Abstract
Recent literature has reported increased accuracy of Trichomonas vaginalis transcription-mediated amplification (TMA)-based analyte-specific reagent (ASR) testing in female populations. A retrospective investigation assessed 7,277 female first-void urine, cervical, or vaginal specimens submitted from a high-prevalence sexually transmitted infection (STI) community to characterize prevalence of disease etiologies. The most common STI phenotype reflected detection of solely T. vaginalis (54.2% of all health care encounters that resulted in STI detection). In females with detectable T. vaginalis, codetection of Chlamydia trachomatis and Neisseria gonorrhoeae occurred in 7.8% and 2.7% of health care encounters, respectively. The mean age of women with detectable T. vaginalis (30.6) was significantly higher than those for women with C. trachomatis or N. gonorrhoeae (22.3 and 21.6, respectively; P < 0.0001). T. vaginalis was the predominant sexually transmitted agent in women over the age of 20 (P < 0.0002). C. trachomatis was the most commonly detected agent in females under the age of 21, particularly from cervical specimens. However, first-void urine detection rates for T. vaginalis and C. trachomatis within this age demographic demonstrated no difference (P = 0.92). While overall and cervical specimen-derived detection of T. vaginalis within African American majority geographical locales outweighed that within majority Caucasian geographical regions (P ≤ 0.004), this difference was not noted with first-void urine screening (P = 0.54). Health care professionals can consider TMA-based T. vaginalis screening for a wide age range of patients; incorporation of first-void urine specimens into screening algorithms can potentiate novel insight into the epidemiology of trichomoniasis.
INTRODUCTION
Past estimates of trichomoniasis prevalence both worldwide (180 million cases) and in the United States (3 to 5 million annual cases) (28) were based on diagnostic modalities that possess suboptimal accuracy. Recent data indicate increased sensitivity of transcription-mediated amplification (TMA)-based detection of Trichomonas vaginalis compared to that of wet mount microscopy (12, 18, 19, 22), culture (12, 22), nucleic acid hybridization (1), and antigen detection (12). In spite of trichomoniasis largely presenting as vulvovaginitis, T. vaginalis analyte-specific reagent (ASR)-derived data describe the value of endocervical samplings for molecular T. vaginalis detection (19, 22, 24). In addition, preliminary data suggest increased T. vaginalis detection from first-void urine specimens compared to that from vaginal and cervical specimens (1, 21).
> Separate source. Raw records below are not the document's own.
(* Let $(X,\mathcal{A})$ be a cross resolvable design with $r$ parallel classes and $b_r$ blocks per parallel class, and let $z\in\{2,\dots,r\}$ be such that $\mu_z$ exists. In the multi-access coded caching scheme described in the context, with distinct demands, at the end of all transmissions of the delivery phase every user $m$ can recover all subfiles of its demanded file $W_{d_m}$ (using the transmissions and the contents of the caches it is connected to).
   Context: A resolvable design $(X,\mathcal{A})$: $X$ a finite set of $v$ points, $\mathcal{A}$ a collection of $b$ blocks each of size $k$, partitioned into $r$ parallel classes, each being a set of $b_r=v/k$ pairwise disjoint blocks with union $X$. $\mu_z$ exists if $|B_1\cap\cdots\cap B_z|$ equals the same nonzero value $\mu_z$ for every choice of blocks from $z$ distinct parallel classes. Users: one user $U_H$ for each set $H$ of $z$ blocks from $z$ distinct parallel classes, connected to the caches of those blocks (one cache per block). Placement: each file $W_i$ ($i\in[N]$) is split into subfiles $W_{i,x}$, $x\in X$; the cache of block $A_j$ stores $W_{i,x}$ for $x\in A_j$ and all $i$. Delivery: user $m$ demands $W_{d_m}$. For each choice of $z$ parallel classes $\mathcal{P}_1,\dots,\mathcal{P}_z$ and each choice of a pair of distinct blocks $\{C_{s,i_s},C_{s,j_s}\}\subseteq\mathcal{P}_s$ for every $s\in[z]$, let $\mathcal{X}$ be the $2^z$ users whose caches consist of one block from each chosen pair; for $m\in\mathcal{X}$ connected to $C_{1,a_1},\dots,C_{z,a_z}$, with $e_s$ the other index of $\{i_s,j_s\}$, put $f_m=C_{1,e_1}\cap\cdots\cap C_{z,e_z}=\{y_{m,1},\dots,y_{m,\mu_z}\}$ (fixed ordering), and broadcast $\bigoplus_{m\in\mathcal{X}}W_{d_m,y_{m,s}}$ for each $s\in[\mu_z]$. *)

From HB Require Import structures.
From mathcomp Require Import all_boot all_order all_algebra.
Set Implicit Arguments. Unset Strict Implicit. Unset Printing Implicit Defensive.
Import GRing.Theory.

(* A block is indexed by (parallel class, position in class). *)
Definition blk (r br : nat) := ('I_r * 'I_br)%type.

Definition resolvable (X : finType) (r br k : nat) (B : 'I_r -> 'I_br -> {set X}) : Prop :=
  [/\ 0 < k,
      (forall i j, #|B i j| = k),
      (forall i j j', j != j' -> [disjoint B i j & B i j']) &
      (forall i, \bigcup_(j < br) B i j = [set: X])].

Definition mu_exists (X : finType) (r br : nat) (B : 'I_r -> 'I_br -> {set X})
  (z mu : nat) : Prop :=
  0 < mu /\ forall (S : {set 'I_r}) (f : 'I_r -> 'I_br),
    #|S| = z -> #|\bigcap_(i in S) B i (f i)| = mu.

Definition classes (r br : nat) (H : {set blk r br}) : {set 'I_r} := [set p.1 | p in H].

Definition is_user (r br z : nat) (H : {set blk r br}) : bool :=
  (#|H| == z) && (#|classes H| == z).

Definition is_group (r br z : nat) (Q : {set blk r br}) : bool :=
  (#|classes Q| == z) &&
  [forall i in classes Q, #|[set p in Q | p.1 == i]| == 2].

Definition users_of (r br z : nat) (Q : {set blk r br}) : {set {set blk r br}} :=
  [set m | is_user z m & m \subset Q].

(* points whose subfiles are in the caches connected to user H *)
Definition cached (X : finType) (r br : nat) (B : 'I_r -> 'I_br -> {set X})
  (H : {set blk r br}) : {set X} := \bigcup_(p in H) B p.1 p.2.

Definition fset_of (X : finType) (r br : nat) (B : 'I_r -> 'I_br -> {set X})
  (Q m : {set blk r br}) : {set X} := \bigcap_(p in Q :\: m) B p.1 p.2.

(* the s-th transmission of group Q: XOR (sum over F_2) of W_{d_m, y_{m,s}} *)
Definition transmission (X : finType) (r br z N F mu : nat)
  (W : 'I_N -> X -> 'rV['F_2]_F) (d : {set blk r br} -> 'I_N)
  (y : {set blk r br} -> {set blk r br} -> 'I_mu -> X)
  (Q : {set blk r br}) (s : 'I_mu) : 'rV['F_2]_F :=
  \sum_(m in users_of z Q) W (d m) (y Q m s).

From HB Require Import structures.
From mathcomp Require Import all_boot all_order all_algebra.
Import GRing.Theory.

(* If user H does not cache the point x, then in each parallel class of H the
   point x lies in a unique block, different from the block of H in that class.
   Adding these blocks to H yields a delivery group Q with x in f_H, so some
   transmission of Q is W_{d_H, x} plus terms W_{d_m, y} with y in f_m for the
   other users m of Q.  Such an m misses some block of H, which is then one of
   the blocks intersected in f_m, so every y in f_m is cached by H and all the
   other terms are known.  Neither the value of mu_z nor the distinctness of the
   demands is needed. *)

Section Delivery.

Set Implicit Arguments.
Unset Strict Implicit.

Lemma eq_summand_of_eq_sum (V : zmodType) (I : finType) (A : {pred I})
    (f g : I -> V) (a : I) :
  (\sum_(i in A) f i = \sum_(i in A) g i)%R -> a \in A ->
  (forall i, i \in A -> i != a -> f i = g i) -> f a = g a.
Proof.
move=> eq_sum aA eq_others; move: eq_sum.
rewrite (bigD1 a aA) (bigD1 a aA) /= (eq_bigr g) => [/addIr //|i /andP[]].
exact: eq_others.
Qed.

Variables (X : finType) (r br z : nat) (B : 'I_r -> 'I_br -> {set X}).

Lemma user_classes_inj (H : {set blk r br}) :
  is_user z H -> {in H &, injective (fun p : blk r br => p.1)}.
Proof.
case/andP=> /eqP cardH /eqP cardC.
by apply/imset_injP; rewrite -/(classes H) cardC cardH.
Qed.

Lemma user_not_subset (H m : {set blk r br}) :
  is_user z H -> is_user z m -> m != H -> ~~ (H \subset m).
Proof.
case/andP=> /eqP cardH _ /andP[/eqP cardm _] neq_mH.
by apply: contra neq_mH => sub_Hm; rewrite eq_sym eqEcard sub_Hm cardH cardm /=.
Qed.

Lemma fset_of_sub_cached (Q H m : {set blk r br}) :
  H \subset Q -> ~~ (H \subset m) -> fset_of B Q m \subset cached B H.
Proof.
move=> sub_HQ /subsetPn[p pH pNm]; apply/subsetP => x /bigcapP/(_ p) xp.
apply/bigcupP; exists p => //; apply: xp.
by rewrite inE pNm (subsetP sub_HQ).
Qed.

Hypothesis B_disjoint : forall i j j', j != j' -> [disjoint B i j & B i j'].
Hypothesis B_cover : forall i, \bigcup_(j < br) B i j = [set: X].

Lemma block_exists (x : X) (i : 'I_r) : exists j, x \in B i j.
Proof.
have /bigcupP[j _ xj] : x \in \bigcup_(j < br) B i j by rewrite B_cover inE.
by exists j.
Qed.

Lemma block_unique (x : X) (i : 'I_r) (j j' : 'I_br) :
  x \in B i j -> x \in B i j' -> j = j'.
Proof.
move=> xj xj'; case: (eqVneq j j') => // /(B_disjoint i) dis.
by rewrite (disjointFr dis xj) in xj'.
Qed.

Definition completion (H : {set blk r br}) (x : X) : {set blk r br} :=
  H :|: [set p | (p.1 \in classes H) && (x \in B p.1 p.2)].

Lemma classes_completion H x : classes (completion H x) = classes H.
Proof.
rewrite /classes imsetU; apply/setUidPl/subsetP => i /imsetP[p].
by rewrite inE => /andP[iH _] ->.
Qed.

Lemma completion_pair H x (a : blk r br) (j : 'I_br) :
  is_user z H -> a \in H -> x \in B a.1 j ->
  [set p in completion H x | p.1 == a.1] = [set a; (a.1, j)].
Proof.
case: a => i0 j0 /= uH aH xj; apply/setP => -[i l]; rewrite !inE /=.
apply/idP/idP => [/andP[/orP[pH | /andP[_ xl]] /eqP ei]|].
- by rewrite (user_classes_inj uH pH aH ei) eqxx.
- by rewrite ei in xl *; rewrite (block_unique xl xj) eqxx orbT.
case/orP=> /andP[/eqP/= -> /eqP/= ->]; rewrite ?aH ?xj eqxx ?orbT //=.
by rewrite !andbT; apply/orP; right; apply/imsetP; exists (i0, j0).
Qed.

Lemma completion_group H x :
  is_user z H -> x \notin cached B H -> is_group z (completion H x).
Proof.
move=> uH xNH; have /andP[_ /eqP cardC] := uH.
rewrite /is_group classes_completion cardC eqxx /=.
apply/forall_inP => _ /imsetP[a aH ->]; have [j xj] := block_exists x a.1.
rewrite (completion_pair uH aH xj) cards2; case: (eqVneq a (a.1, j)) => // eq_a.
have xa : x \in B a.1 a.2 by rewrite {2}eq_a.
by case/negP: xNH; apply/bigcupP; exists a.
Qed.

Lemma user_of_completion H x :
  is_user z H -> H \in users_of z (completion H x).
Proof. by move=> uH; rewrite inE uH subsetUl. Qed.

Lemma mem_fset_of_completion H x : x \in fset_of B (completion H x) H.
Proof.
apply/bigcapP => p; rewrite !inE => /andP[pNH /orP[pH | /andP[_ //]]].
by rewrite pH in pNH.
Qed.

End Delivery.

Theorem lemma8 (X : finType) (r br k z mu N F : nat)
  (B : 'I_r -> 'I_br -> {set X})
  (d : {set blk r br} -> 'I_N)
  (y : {set blk r br} -> {set blk r br} -> 'I_mu -> X) :
  @resolvable X r br k B ->
  (2 <= z <= r) ->
  @mu_exists X r br B z mu ->
  {in [pred H | is_user z H] &, injective d} ->
  (forall Q m, is_group z Q -> m \in users_of z Q ->
     [set y Q m s | s : 'I_mu] = fset_of B Q m) ->
  forall H : {set blk r br}, is_user z H ->
  forall W W' : 'I_N -> X -> 'rV['F_2]_F,
    (forall n x, x \in cached B H -> W n x = W' n x) ->
    (forall Q s, is_group z Q ->
       transmission z W d y Q s = transmission z W' d y Q s) ->
    forall x, W (d H) x = W' (d H) x.
Proof.
move=> [_ _ B_disjoint B_cover] _ _ _ y_enum H uH W W' W_cached W_trans x.
have [/W_cached // | xNH] := boolP (x \in cached B H).
set Q := completion B H x.
have gQ : is_group z Q by exact: completion_group.
have HQ : H \in users_of z Q by exact: user_of_completion.
have : x \in fset_of B Q H by exact: mem_fset_of_completion.
rewrite -y_enum // => /imsetP[s _ ->].
apply: (eq_summand_of_eq_sum (W_trans Q s gQ) HQ) => m mQ neq_mH.
have um : is_user z m by move: mQ; rewrite inE => /andP[].
have sub_HQ : H \subset Q by exact: subsetUl.
apply/W_cached/(subsetP (fset_of_sub_cached B sub_HQ (user_not_subset uH um neq_mH))).
by rewrite -y_enum // imset_f.
Qed.
(* Deleting v: G - v has impropriety k < p, and in an optimal representation
   the vertices sticking out of I_z form a set N lying in at most two members
   D1, D2, which contain every exterior member; counting then forces every
   exterior pair to have total order at most #|N|. *)
Lemma deletion_bound : deletion_outcome.
Proof.
have Wproper : V :\ v \proper V by rewrite properT; apply/eqP => /setP/(_ v); rewrite !inE eqxx.
case: crit => _ [_ /(_ _ Wproper) [k [kp [[l [r [rep Ek]]] _]]]].
have [D1 F1 HL] := lbad_confined rep; have [D2 F2 HR] := rbad_confined rep.
have sep_in D D' u : member D -> member D' -> u \in D -> u \in D' -> D = D'.
  move=> F F' uD uD'; apply/eqP; apply: contraT => ne.
  by have := member_sep F F' ne uD uD'; rewrite eqxx.
exists (sticking_out (V :\ v) l r z); split; last first.
  exists D1, D2; split => //.
  - apply/subsetP => u; rewrite !inE => /andP[uW /orP[lb|rb]].
      by rewrite (HL u _ lb) // !inE.
    by rewrite (HR u _ rb) ?orbT // !inE.
  - move=> D FD /existsP[w /andP[wD nw]]; have wW := subsetP (member_sub FD) w wD.
    have [wz wW'] := setD1P wW.
    case/orP: (nonadjacent_bad rep zW wW' wz nw) => [/(HL w wW)|/(HR w wW)] wD'.
      by left; exact: sep_in wD wD'.
    by right; exact: sep_in wD wD'.
  - move=> ne; split; apply: one_sided_strict => //; [left|right] => u uD; apply/negP => b.
      have uW := subsetP (member_sub F1) u uD.
      by move/eqP: ne; apply; exact: sep_in F1 F2 uD (HR u uW b).
    have uW := subsetP (member_sub F2) u uD.
    by move/eqP: ne; apply; exact: sep_in F1 F2 (HL u uW b) uD.
move=> A B AB; have := wt_exterior_pair e_sym AB.
have := imp_at_sticking_out (V :\ v) l r z.
have : imp_at (V :\ v) l r z <= k by rewrite -Ek; exact: (leq_bigmax_cond _ zW).
have : #|V :\ z| = #|V :\ v :\ z|.+1.
  by rewrite (cardsD1 v (V :\ z)) !inE vz setDDl setUC -setDDl.
move: kp; rewrite p_wt; lia.
Qed.

End Deletion.

Section Critical.
Variables (T : finType) (e : rel T) (z : T) (p : nat).
Hypotheses (e_sym : symmetric e) (e_irr : irreflexive e).
Hypothesis G_conn : connected_set e [set: T].
Hypotheses (crit : p_critical e [set: T] p) (p_wt : p = wt e [set: T] z).
Local Notation V := [set: T].
Local Notation comps := (local_comps e V z).
Local Notation M := (max_order_comps e V z).
Local Notation mcc := (max_clique_comps e V z).

Lemma three_comps : 3 <= #|comps|.
Proof.
case: crit => p_gt0 _; move: p_gt0; rewrite p_wt /wt ltnNge; apply: contraR.
by rewrite -ltnNge ltnS -subn_eq0 => /eqP ->; rewrite take0.
Qed.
T. vaginalis ASR is now formatted as the APTIMA Trichomonas vaginalis assay, with U.S. Food and Drug Administration indications for female first-void urine, genital swab, and gynecological specimens (24). The method has been the basis for at least two female trichomoniasis epidemiological assessments (1, 7). However, sexually transmitted infection (STI) prevalence limitations were inherent to these two reports. Napierala et al. (21) summarized operational characteristics of T. vaginalis ASR using a high-prevalence STI metropolitan area. That study served as the basis for the presented investigation. Objectives of the current study include a comparative STI prevalence assessment using highly sensitive TMA. In addition, we seek to further characterize a role for first-void urine in the context of laboratory diagnostics and epidemiological assessment.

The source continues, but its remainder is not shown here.